Dataset entries:
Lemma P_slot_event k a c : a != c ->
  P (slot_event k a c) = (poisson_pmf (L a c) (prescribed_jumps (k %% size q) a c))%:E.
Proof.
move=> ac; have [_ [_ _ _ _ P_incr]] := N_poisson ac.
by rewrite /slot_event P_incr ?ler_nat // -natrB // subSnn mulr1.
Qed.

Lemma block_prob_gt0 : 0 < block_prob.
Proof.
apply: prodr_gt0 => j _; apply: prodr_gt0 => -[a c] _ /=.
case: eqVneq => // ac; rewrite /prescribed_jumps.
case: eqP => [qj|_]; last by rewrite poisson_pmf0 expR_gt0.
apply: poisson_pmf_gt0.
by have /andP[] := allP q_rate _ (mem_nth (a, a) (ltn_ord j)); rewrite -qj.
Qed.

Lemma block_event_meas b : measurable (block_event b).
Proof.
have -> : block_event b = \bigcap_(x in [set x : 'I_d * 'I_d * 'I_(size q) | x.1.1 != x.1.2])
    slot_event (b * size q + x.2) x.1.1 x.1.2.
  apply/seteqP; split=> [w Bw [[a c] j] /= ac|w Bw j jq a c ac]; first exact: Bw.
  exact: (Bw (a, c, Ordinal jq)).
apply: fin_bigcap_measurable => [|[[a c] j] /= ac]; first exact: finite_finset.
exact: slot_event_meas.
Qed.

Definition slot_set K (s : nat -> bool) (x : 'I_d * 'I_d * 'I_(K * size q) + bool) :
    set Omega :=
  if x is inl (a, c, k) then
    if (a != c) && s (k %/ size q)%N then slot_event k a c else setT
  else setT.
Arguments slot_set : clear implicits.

### ASSIGNED TASK
The answer should consist of every line above in which "have" appears.

### ANSWER BELOW
move=> ac; have [_ [_ _ _ _ P_incr]] := N_poisson ac.
by have /andP[] := allP q_rate _ (mem_nth (a, a) (ltn_ord j)); rewrite -qj.
have -> : block_event b = \bigcap_(x in [set x : 'I_d * 'I_d * 'I_(size q) | x.1.1 != x.1.2])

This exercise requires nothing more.